### DIRECTIONS FOR THIS TASK
Lines below that include "exact" are the answer; copy each one.

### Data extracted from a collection
****************
Lemma iid_exchangeable (s : {perm 'I_m}) (B : set (prodfun 'I_m T)) : measurable B ->
  P ((fun w => (fun i => Z i w) : prodfun 'I_m T) @^-1` B) =
  P ((fun w => (fun i => Z (s i) w) : prodfun 'I_m T) @^-1` B).
Proof.
move=> mB; case: iidZ => mZ PZ indep.
have mZs (t : 'I_m -> 'I_m) :
    measurable_fun setT (fun w => (fun i => Z (t i) w) : prodfun 'I_m T).
  by apply: measurable_fun_prodfun => i; exact: mZ.
apply: (eq_probability_preimage P (mZs id) (mZs s) _
  prodfun_measurable_boxes setI_closed_measurable_boxes
  measurable_boxes_setT _ _ mB).
move=> _ [A mA <-]; rewrite !boxE !preimage_bigcap.
have -> : \bigcap_(i in [set: 'I_m]) ((fun w => Z (s i) w) @^-1` A i) =
          \bigcap_(i in [set: 'I_m]) (Z i @^-1` A ((s^-1)%g i)).
  apply/seteqP; split => w /= Aw i _; last by have := Aw (s i) I; rewrite permK.
  by have := Aw ((s^-1)%g i) I; rewrite permKV.
rewrite !indep //.
under eq_bigr do rewrite PZ //.
under [RHS]eq_bigr do rewrite PZ //.
by rewrite [RHS](reindex_inj (@perm_inj _ s)); apply: eq_bigr => i _; rewrite permK.
Qed.

End iid_exchangeable.

Section equiprobable_events.
Context {d} {Omega : measurableType d} {R : realType} (P : probability Omega R)
  {m : nat} {E : 'I_m.+1 -> set Omega}.
Hypothesis mE : forall i, measurable (E i).

Lemma le_sum_probability (c : R) : 0 <= c ->
  (forall w, c <= \sum_(i < m.+1) \1_(E i) w) ->
  (c%:E <= \sum_(i < m.+1) P (E i))%E.
Proof.
move=> c_ge0 c_le.
have mI i : measurable_fun setT (EFin \o (\1_(E i) : Omega -> R)).
  exact/measurable_EFinP/measurable_indic.
have I_ge0 i w : setT w -> (0 <= ((\1_(E i) w : R))%:E)%E by rewrite lee_fin.
have -> : (\sum_(i < m.+1) P (E i) = \int[P]_w (\sum_(i < m.+1) (\1_(E i) w)%:E))%E.
  rewrite (ge0_integral_sum _ measurableT mI I_ge0).
  by apply: eq_bigr => i _; rewrite integral_indic // setIT.
have -> : c%:E = (\int[P]_w (cst c%:E w))%E.
  by rewrite integral_cst // -[LHS]mule1; congr (_ * _)%E; exact/esym/probability_setT.
apply: ge0_le_integral => //.
- by apply: emeasurable_sum => i; exact: mI.
- by move=> w _; rewrite sumEFin lee_fin.
Qed.

Lemma le_probability_of_count (j : 'I_m.+1) (c : R) : 0 <= c ->
  (forall i, P (E i) = P (E j)) ->
  (forall w, m.+1%:R * c <= \sum_(i < m.+1) \1_(E i) w) ->
  (c%:E <= P (E j))%E.
Proof.
move=> c_ge0 PE /(@le_sum_probability _ (mulr_ge0 (ler0n _ _) c_ge0)).
under eq_bigr do rewrite PE.
have : P (E j) \is a fin_num by rewrite fin_num_measure.
move=> /fineK <-; rewrite sumEFin sumr_const card_ord -[fine _ *+ _]mulr_natl.
by rewrite !lee_fin ler_pM2l // ltr0n.
Qed.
****************
### SOLUTION TO THE PROBLEM
  by apply: measurable_fun_prodfun => i; exact: mZ.
  exact/measurable_EFinP/measurable_indic.
  by rewrite integral_cst // -[LHS]mule1; congr (_ * _)%E; exact/esym/probability_setT.
- by apply: emeasurable_sum => i; exact: mI.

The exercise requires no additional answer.